5. Message: Result Presenter

Component Name: Message
ID: Message:ShaggyMasksAttend
Purpose: Delivers the results of the executed SQL query back to the user.
Parameters:
- content: Uses the formalized content output from ExeSQL:TiredShirtsPull.
Usage:
- Presents the query results as the final output in the conversational flow.

Workflow Summary

User Input: The user initiates the conversation at the Begin node, entering a natural language query.
Knowledge Retrieval: Three Retrieval components fetch:
- Database schema.
- Sample Q&A for question-to-SQL mapping.
- Database/table descriptions.
SQL Generation: The Agent receives the user query plus all retrieval outputs and generates a precise MySQL query.
SQL Execution: The ExeSQL component runs the generated SQL against the connected database.
Result Display: The Message component presents the query results back to the user.

Important Implementation Details

Prompt Engineering: The Agent uses a carefully crafted system prompt to enforce rules such as outputting only the SQL statement without comments or code fences.
Retrieval-Based Context: Multiple retrievals supply relevant knowledge bases to aid the language model's understanding of schema and examples, improving SQL accuracy.
Error Handling: Agent supports retry logic (max_retries) and rate limiting (delay_after_error) to handle failures gracefully.
Security: Database credentials are embedded in the configuration but appear masked or placeholders in this file. Password is visible here but should be managed securely in real deployments.
Output Types: The system supports both string and JSON output formats for query results, facilitating flexible downstream consumption.

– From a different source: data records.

(* Let $M^\star\in\mathbb{R}^{n\times n}$ with $M^\star\succeq0$ and $r^\star=\operatorname{rank}(M^\star)\ge1$, and suppose $X\in\mathbb{R}^{n\times r}$ satisfies $0<\|XX^T-M^\star\|_F\le\rho\,\lambda_{r^\star}(M^\star)$ with $\rho\le1/\sqrt2$. Define the incidence angle $\theta\in[0,\pi/2]$ by \[ \cos\theta=\max_{Y\in\mathbb{R}^{n\times r}}\frac{\langle XX^T-M^\star,XY^T+YX^T\rangle}{\|XX^T-M^\star\|_F\,\|XY^T+YX^T\|_F}. \] Then \[ \sin\theta=\frac{\|(I-XX^\dagger)M^\star(I-XX^\dagger)\|_F}{\|XX^T-M^\star\|_F}\le\frac1{\sqrt2}\frac{\rho}{\sqrt{1-\rho^2}}, \] where $\dagger$ denotes the Moore–Penrose pseudoinverse.
   Context: Eigenvalues are ordered decreasingly, so $\lambda_{r^\star}(M^\star)$ is the smallest nonzero eigenvalue of $M^\star$. $\langle A,B\rangle=\operatorname{tr}(A^TB)$. The maximum is over $Y$ with $XY^T+YX^T\ne0$. *)

From HB Require Import structures.
From mathcomp Require Import all_boot all_order all_algebra.
From mathcomp Require Import all_classical all_reals all_analysis.
Set Implicit Arguments. Unset Strict Implicit. Unset Printing Implicit Defensive.
Import Order.TTheory GRing.Theory Num.Theory.
Local Open Scope ring_scope.
Local Open Scope classical_set_scope.

Definition mxinner (R : realType) (m n : nat) (A B : 'M[R]_(m, n)) : R :=
  \tr (A^T *m B).

Definition frob (R : realType) (m n : nat) (A : 'M[R]_(m, n)) : R :=
  Num.sqrt (\sum_i \sum_j A i j ^+ 2).

Definition psd (R : realType) (n : nat) (M : 'M[R]_n) : Prop :=
  M^T = M /\ forall v : 'rV[R]_n, 0 <= (v *m M *m v^T) 0 0.

Definition is_MP_pinv (R : realType) (m n : nat) (A : 'M[R]_(m, n))
  (B : 'M[R]_(n, m)) : Prop :=
  [/\ A *m B *m A = A, B *m A *m B = B,
      (A *m B)^T = A *m B & (B *m A)^T = B *m A].

(* the Moore--Penrose pseudoinverse (it exists and is unique) *)
Definition mp_pinv (R : realType) (m n : nat) (A : 'M[R]_(m, n)) : 'M[R]_(n, m) :=
  xget 0 [set B | is_MP_pinv A B].

(* smallest nonzero eigenvalue; for PSD M of rank r* this is lambda_{r*}(M) *)
Definition lambda_min_nz (R : realType) (n : nat) (M : 'M[R]_n) : R :=
  inf [set a : R | eigenvalue M a /\ a != 0].

Definition incidence_cos (R : realType) (n r : nat) (Ms : 'M[R]_n)
  (X : 'M[R]_(n, r)) : R :=
  sup [set c : R | exists Y : 'M[R]_(n, r),
         X *m Y^T + Y *m X^T != 0 /\
         c = mxinner (X *m X^T - Ms) (X *m Y^T + Y *m X^T) /
             (frob (X *m X^T - Ms) * frob (X *m Y^T + Y *m X^T))].

Definition incidence_angle (R : realType) (n r : nat) (Ms : 'M[R]_n)
  (X : 'M[R]_(n, r)) : R :=
  acos (incidence_cos Ms X).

Interaction with Other System Parts

Knowledge Bases: The retrieval components depend on external knowledge bases identified by kb_ids which contain schema, samples, and descriptions. These KBs need to be maintained and updated independently.
Large Language Model Service: The Agent connects to a remote LLM (qwen-max@Tongyi-Qianwen) for text-to-SQL conversion — this requires network connectivity and credentials.
Database Server: The ExeSQL component must connect to a MySQL database server with proper credentials and network access.
User Interface: While not in this file, the system expects a frontend or conversational UI to interact with the Begin and Message components, presenting prompts and results to users.

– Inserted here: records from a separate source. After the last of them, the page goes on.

Lemma dyadic_pow2 n : dyadic n (2 ^ n) = 1.
Proof. by rewrite /dyadic natrX divff // gt_eqF // pow2_gt0. Qed.

Lemma dyadic_half n : dyadic n.+1 (2 ^ n) = 1 / 2.
Proof. by rewrite /dyadic natrX exprS; field; rewrite gt_eqF // pow2_gt0. Qed.

Lemma dyadic_double n k : dyadic n.+1 k.*2 = dyadic n k.
Proof. by rewrite /dyadic -muln2 natrM exprS; field; rewrite gt_eqF // pow2_gt0. Qed.

Lemma dyadic_mid n k : (dyadic n k + dyadic n k.+1) / 2 = dyadic n.+1 k.*2.+1.
Proof.
rewrite /dyadic -!natr1 -muln2 natrM exprS.
by field; rewrite gt_eqF // pow2_gt0.
Qed.

Lemma pow2_dyadic j d k : 2 ^+ j * dyadic (j + d) k = dyadic d k.
Proof. by rewrite /dyadic exprD; field; rewrite !gt_eqF // pow2_gt0. Qed.

Lemma pow2_dyadic_nat j n k : (n <= j)%N ->
  2 ^+ j * dyadic n k = (k * 2 ^ (j - n))%:R.
Proof.
move=> /subnKC {1}<-; rewrite /dyadic natrM natrX exprD.
by field; rewrite gt_eqF // pow2_gt0.
Qed.

Lemma dyadic_cell n t : 0 <= t <= 1 ->
  exists2 k, (k < 2 ^ n)%N & dyadic n k <= t <= dyadic n k.+1.
Proof.
move=> t01; elim: n => [|n [k kn /andP[kt tk]]].
  by exists 0%N => //; rewrite !dyadic0n.
have [tm|mt] := lerP t (dyadic n.+1 k.*2.+1).
  by exists k.*2; [rewrite expnS; lia | rewrite dyadic_double kt].
exists k.*2.+1; first by rewrite expnS; lia.
by rewrite (ltW mt) -doubleS dyadic_double.
Qed.

Lemma grid_outside_cell d (N k k' : nat) :
  dyadic d N <= dyadic d k - k'%:R \/ dyadic d k.+1 - k'%:R <= dyadic d N.
Proof.
have q0 := pow2_gt0 d.
have E a : dyadic d a - k'%:R = (a%:R - (k' * 2 ^ d)%:R) / 2 ^+ d.
  by rewrite /dyadic natrM natrX; field; rewrite gt_eqF.
rewrite !E /dyadic !ler_pM2r ?invr_gt0 // lerBrDr lerBlDr -!natrD !ler_nat.
by lia.
Qed.

Lemma mid_defect_e00_dyadic d (k k' : nat) :
  mid_defect (@e00 R) (dyadic d k - k'%:R) (dyadic d k.+1 - k'%:R) =
  if (d == 0%N) && (k' == k) then 1 / 2 else 0.
Proof.
case: ifPn => [/andP[/eqP-> /eqP->]|not_center].
  rewrite /mid_defect !dyadic0n subrr -natr1 (addrC k%:R) addrK add0r.
  by rewrite (e00_le0 (lexx 0)) (e00_ge1 (lexx 1)) e00_left; lra.
have uv : dyadic d k - k'%:R <= dyadic d k.+1 - k'%:R.
  by rewrite lerD2r ler_dyadic.
apply: mid_defect_e00 => //.
- by have := grid_outside_cell d 0 k k'; rewrite dyadicn0.
- case: d not_center {uv} => [|d _]; last first.
    by rewrite -(dyadic_half d); exact: grid_outside_cell.
  rewrite /= !dyadic0n => neq.
  have [kk'|k'k|kk'] := ltngtP k k'; last by rewrite kk' eqxx in neq.
    by right; move: kk'; rewrite -(ler_nat R) -[_.+1%:R]natr1; lra.
  by left; move: k'k; rewrite -(ler_nat R) -[_.+1%:R]natr1; lra.
- by have := grid_outside_cell d (2 ^ d) k k'; rewrite dyadic_pow2.
Qed.

Lemma mid_defect_hat_dyadic j (k' n k : nat) :
  mid_defect (fun s => e00 (2 ^+ j * s - k'%:R)) (dyadic n k) (dyadic n k.+1) =
  if (j == n) && (k' == k) then 1 / 2 else 0.
Proof.
have [nj|jn] := ltnP n j.
  rewrite /mid_defect dyadic_mid !pow2_dyadic_nat ?(ltnW nj) // !e00_natB.
  by rewrite (gtn_eqF nj) /=; lra.
rewrite -(subnKC jn); move: (n - j)%N => d.
rewrite mid_defect_affine !pow2_dyadic mid_defect_e00_dyadic.
by rewrite -{1}[j]addn0 eqn_add2l [(0 == d)%N]eq_sym.
Qed.

Lemma mid_defect_schauder j k' n k :
  mid_defect (@schauder R j k') (dyadic n k) (dyadic n k.+1) =
  if (j == n) && (k' == k) then 2 `^ (- (n%:R / 2)) / 2 else 0.
Proof.
have -> : mid_defect (schauder j k') (dyadic n k) (dyadic n k.+1) =
    2 `^ (- (j%:R / 2)) *
    mid_defect (fun s => e00 (2 ^+ j * s - k'%:R)) (dyadic n k) (dyadic n k.+1).
  by rewrite /mid_defect /schauder; ring.
rewrite mid_defect_hat_dyadic.
by case: ifP => [/andP[/eqP-> _]|_]; [rewrite mulrA mulr1 | rewrite mulr0].
Qed.

Definition schauder_sum (f : nat -> R -> R) (N : nat) (t : R) : R :=
  \sum_(n < N) \sum_(k < 2 ^ n) f n (dyadic n k) * schauder n k t.

Lemma mid_defect_schauder_sum f N a b :
  mid_defect (schauder_sum f N) a b =
  \sum_(j < N) \sum_(k < 2 ^ j) f j (dyadic j k) * mid_defect (@schauder R j k) a b.
Proof.
rewrite /mid_defect /schauder_sum -big_split mulr_suml -sumrB.
apply: eq_bigr => j _; rewrite -big_split mulr_suml -sumrB.
by apply: eq_bigr => k _ /=; ring.
Qed.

Visual Diagram: Component Flowchart

flowchart LR
    Begin["Begin\n(User Input)"]
    RetrievalSchema["Retrieval: Schema"]
    RetrievalSamples["Retrieval: Question to SQL Samples"]
    RetrievalDesc["Retrieval: Database Description"]
    Agent["Agent: SQL Generator\n(LLM Text-to-SQL)"]
    ExeSQL["ExeSQL: SQL Executor\n(MySQL DB)"]
    Message["Message: Result Presenter"]

    Begin --> RetrievalSchema
    Begin --> RetrievalSamples
    Begin --> RetrievalDesc

    RetrievalSchema --> Agent
    RetrievalSamples --> Agent
    RetrievalDesc --> Agent

    Agent --> ExeSQL
    ExeSQL --> Message

Summary

The sql_assistant.json file defines a modular, knowledge-augmented AI workflow that enables natural language to SQL translation with immediate execution and result display. It orchestrates multiple retrievals, a powerful language model, and SQL execution components in a streamlined flow designed for conversational business intelligence applications.

This file is a blueprint for deploying an interactive SQL assistant that democratizes data querying for non-technical users by bridging natural language understanding and database querying capabilities.